:: THE PROBLEM ::
Nothing is needed except the lines below that run from the one with "by rewrite lt0n;" through the one with "have [v [hvD", repeated exactly.

:: GIVEN DATA ::
Lemma chart_act_mulV j r s y : Stab act (act (phi s) y) = Hs j -> dom r -> dom s ->
  set_sub (fun t => exists2 z, Zs z & t = r - s + z) dom ->
  exists2 z, Zs z & act (phi r) y = act (phi (r - s + z)) (act (phi s) y).
Proof.
case: hchart => _ _ _ _ [_ hax] hx hr hs hsub.
have [_ _ hmul _ _] := hax r s j hr hs; have [z hz hcos] := hmul hsub.
by exists z; rewrite // -(act_eq_lcoset hact hx hcos) hact.2 (act_invK hact).
Qed.

Lemma chart_act_Vmul j r s y : Stab act y = Hs j -> dom r -> dom s ->
  set_sub (fun t => exists2 z, Zs z & t = - r + s + z) dom ->
  exists2 z, Zs z & act (phi (- r + s + z)) y = act (phi r)^-1 (act (phi s) y).
Proof.
case: hchart => _ _ _ _ [_ hax] hy hr hs hsub.
have [_ _ _ hmul _] := hax r s j hr hs; have [z hz hcos] := hmul hsub.
by exists z; rewrite // -(act_eq_lcoset hact hy hcos) hact.2.
Qed.
Lemma roughly_translate y v B (delta : R) U :
  XH act Hs y -> dom v -> 2%:R * delta < 1 ->
  set_sub (rset R Gam (rscale (3%:R : R) (rtrans B v))) dom ->
  roughly act phi Zr D Hs delta B (act (phi v) y) U ->
  roughly act phi Zr D Hs (2%:R * delta) (rtrans B v) y U.
Proof.
move=> [j hy] hv hd2 h3 [h2B [j' hx] /andP[hd0 _] hZB [hin hout]].
have {}h2B i : `|rcenter B ord0 i| + (2 * rrad B i)%:Z <= (rrad D i)%:Z.
  by have := (chart_subset_domP _).1 h2B i; rewrite rrad_rscale_nat.
have {}h3 i : `|rcenter B ord0 i + v.1 ord0 i| + (3 * rrad B i)%:Z <= (rrad D i)%:Z.
  by have := (chart_subset_domP _).1 h3 i; rewrite rrad_rscale_nat /= rowD_entry.
have {}hZB i : (2 * rrad Zr i <= rrad (rscale delta B) i)%N.
  by have := hZB i; rewrite rrad_rscale_nat.
have rd i : (rrad (rscale delta B) i <= 1 * rrad B i)%N.
  by apply: rrad_rscale_le_nat; lra.
have rin1 i : (rrad (rscale (1 - 2%:R * delta) B) i <= 1 * rrad B i)%N.
  by apply: rrad_rscale_le_nat; lra.
have rin i : (rrad (rscale (1 - 2%:R * delta) B) i + rrad (rscale delta B) i
              <= rrad (rscale (1 - delta) B) i)%N.
  rewrite [1 - delta](_ : _ = (1 - 2%:R * delta) + delta); last ring.
  by apply: rrad_rscaleD; lra.
have rout i : (rrad (rscale (1 + delta) B) i + rrad (rscale delta B) i
              <= rrad (rscale (1 + 2%:R * delta) B) i)%N.
  rewrite [1 + 2%:R * delta](_ : _ = (1 + delta) + delta); last ring.
  by apply: rrad_rscaleD; lra.
have rout2 i : (rrad (rscale (1 + delta) B) i <= 2 * rrad B i)%N.
  by apply: rrad_rscale_le_nat; lra.
split.
- apply/chart_subset_domP => i; rewrite rrad_rscale_nat /= rowD_entry.
  by move: (h3 i); lia.
- by exists j.
- by apply/andP; split; lra.
- move=> i; rewrite rrad_rscale_nat; apply: leq_trans (hZB i) _.
  by apply: rscale_le; lra.
split.
- move=> _ [w [/rsetP hw hwD ->]].
  have hcont : set_sub (fun t => exists2 z, Zs z & t = w - v + z) dom.
    move=> _ [z hz ->]; apply/chart_domP => i.
    move: (hw i) (chart_Zs_le i hz) (h2B i) (hZB i) (rd i) (rin1 i).
    rewrite /= !(rowD_entry, rowN_entry); lia.
  have [z hz hwx] := chart_act_mulV hx hwD hv hcont.
  apply: hin; exists (w - v + z); split; last by rewrite hwx.
  + apply/rsetP => i; move: (hw i) (chart_Zs_le i hz) (hZB i) (rin i).
    rewrite /= !(rowD_entry, rowN_entry); lia.
  + exact: hcont _ (ex_intro2 _ _ z hz erefl).
- move=> q /hout [t [/rsetP ht htD ->]].
  have hcont : set_sub (fun t' => exists2 z, Zs z & t' = t + v + z) dom.
    move=> _ [z hz ->]; apply/chart_domP => i.
    move: (ht i) (chart_Zs_le i hz) (h3 i) (hZB i) (rd i) (rout2 i).
    rewrite /= !(rowD_entry, rowN_entry); lia.
  have [z hz htx] := chart_act_mul hy htD hv hcont.
  exists (t + v + z); split; last by rewrite htx.
  + apply/rsetP => i; move: (ht i) (chart_Zs_le i hz) (hZB i) (rout i).
    rewrite /= !(rowD_entry, rowN_entry); lia.
  + exact: hcont _ (ex_intro2 _ _ z hz erefl).
Qed.

Lemma roughly_base_point (n : nat) y s (M delta : R) A B x U :
  XH act Hs y -> centered A -> 0 <= M -> M + 8%:R <= (n%:R : R) -> rle A B ->
  set_sub (rset R Gam (rscale (n%:R : R) B)) dom ->
  rset R Gam (rscale M A) s -> dom s ->
  roughly act phi Zr D Hs delta B x U -> U (act (phi s) y) ->
  exists v, [/\ dom v, act (phi v) y = x &
                set_sub (rset R Gam (rscale (3%:R : R) (rtrans B v))) dom].
Proof.
move=> [j hy] hA hM hMn hAB hnB hsA hsD [_ _ /andP[_ hd1] hZB [_ hout]] hsU.
have [t [/rsetP ht htD htx]] := hout _ hsU.
have {}hnB i : `|rcenter B ord0 i| + (n * rrad B i)%N <= (rrad D i)%:Z.
  by have := (chart_subset_domP _).1 hnB i; rewrite rrad_rscale_nat.
have {}hsA i : `|s.1 ord0 i| <= (rrad (rscale M A) i)%:Z.
  exact: (rset_centeredP (B := rscale M A) hA).1 hsA i.
have gap i := rrad_rscale_gap i hM hMn hAB.
have {}hZB i : (2 * rrad Zr i <= rrad (rscale delta B) i)%N.
  by have := hZB i; rewrite rrad_rscale_nat.
have rd i : (rrad (rscale delta B) i <= 1 * rrad B i)%N.
  by apply: rrad_rscale_le_nat; lra.
have rout2 i : (rrad (rscale (1 + delta) B) i <= 2 * rrad B i)%N.
  by apply: rrad_rscale_le_nat; lra.
have hcont : set_sub (fun v => exists2 z, Zs z & v = - t + s + z) dom.
  move=> _ [z hz ->]; apply/chart_domP => i.
  move: (ht i) (hsA i) (chart_Zs_le i hz) (hnB i) (gap i) (hZB i) (rd i) (rout2 i).
  rewrite /= !(rowD_entry, rowN_entry); lia.
have [z hz hzx] := chart_act_Vmul hy htD hsD hcont.
exists (- t + s + z); split.
- exact: hcont _ (ex_intro2 _ _ z hz erefl).
- by rewrite hzx htx (act_invK hact).
- apply/chart_subset_domP => i; rewrite rrad_rscale_nat.
  move: (ht i) (hsA i) (chart_Zs_le i hz) (hnB i) (gap i) (hZB i) (rd i) (rout2 i).
  rewrite /= !(rowD_entry, rowN_entry); lia.
Qed.

End Charts.

Theorem lemma5p4
  (R : realType) (G : groupType) (X : Type) (act : G -> X -> X)
  (hG : countable_group G) (hact : is_action act)
  (l : nat) (Gam : finZmodType) (phi : vec l Gam -> G) (Zr D : rect l)
  (k : nat) (Hs : 'I_k -> G -> Prop)
  (hchart : is_chart R phi Zr D Hs)
  (eps : R) (heps : 0 < eps < 1)
  (A : rect l) (hA : centered A)
  (E : X -> X -> Prop) (hE : rectangular act phi Zr D Hs A eps E)
  (U : X -> Prop) (hU : is_class E U) (hUX : meets U (XH act Hs))
  (y : X) (hy : XH act Hs y)
  (M : R) (hM : 0 < M) (hM2 : M <= (2%:R : R) ^+ (22 * l) - 8%:R)
  (hMA : meets (phi_img R act phi D (rset R Gam (rscale M A)) y) U) :
  exists (v : vec l Gam) (B : rect l) (delta : R),
    [/\ rset R Gam D v /\ 0 < delta,
        XH act Hs (act (phi v) y) /\
        roughly act phi Zr D Hs delta B (act (phi v) y) U,
        rle A B /\
        rle (rscale (2%:R * delta) B) (rscale eps A),
        set_sub (rset R Gam (rscale ((2%:R : R) ^+ (22 * l)) B)) (rset R Gam D) &
        roughly act phi Zr D Hs (2%:R * delta) (rtrans B v) y U].
Proof.
have [_ [_ hrect]] := hE.
have [delta [B [x [[hd0 hx] hrough hAB hBD hBA]]]] := hrect U hU hUX.
have [_ [[s [hsA hsD ->]] hsU]] := hMA.
have hl : (0 < l)%N.
  by rewrite lt0n; apply/eqP => l0; move: hM2; rewrite l0 muln0 expr0; lra.
have hd2 : 2%:R * delta < 1.
  have [_ _ _ hZB _] := hrough; have [_ [_ hZpos] _ _ _] := hchart.
  pose i0 := Ordinal hl.
  apply: (rscale_lt1 (i := i0) _ _ hAB hBA); first by rewrite mulr_ge0 ?ltW.
    by case/andP: heps => /ltW -> ->.
  apply: leq_trans (rscale_le B (_ : delta <= 2%:R * delta) i0); last lra.
  by have := hZB i0; rewrite rrad_rscale_nat; have := hZpos i0; lia.
have hMn : M + 8%:R <= (2 ^ (22 * l))%:R :> R by rewrite natrX; lra.
have hPB : set_sub (rset R Gam (rscale ((2 ^ (22 * l))%:R : R) B)) (rset R Gam D).
  by rewrite natrX.
have [v [hvD hvx h3]] :=
  roughly_base_point hact hchart hy hA (ltW hM) hMn hAB hPB hsA hsD hrough hsU.
exists v, B, delta; rewrite hvx; split=> //.
by apply: (roughly_translate hact hchart hy hvD hd2 h3); rewrite hvx.
Qed.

:: ANSWER TO THE EXERCISE ::
  by rewrite lt0n; apply/eqP => l0; move: hM2; rewrite l0 muln0 expr0; lra.
have hd2 : 2%:R * delta < 1.
  have [_ _ _ hZB _] := hrough; have [_ [_ hZpos] _ _ _] := hchart.
  pose i0 := Ordinal hl.
  apply: (rscale_lt1 (i := i0) _ _ hAB hBA); first by rewrite mulr_ge0 ?ltW.
    by case/andP: heps => /ltW -> ->.
  apply: leq_trans (rscale_le B (_ : delta <= 2%:R * delta) i0); last lra.
  by have := hZB i0; rewrite rrad_rscale_nat; have := hZpos i0; lia.
have hMn : M + 8%:R <= (2 ^ (22 * l))%:R :> R by rewrite natrX; lra.
have hPB : set_sub (rset R Gam (rscale ((2 ^ (22 * l))%:R : R) B)) (rset R Gam D).
  by rewrite natrX.
have [v [hvD hvx h3]] :=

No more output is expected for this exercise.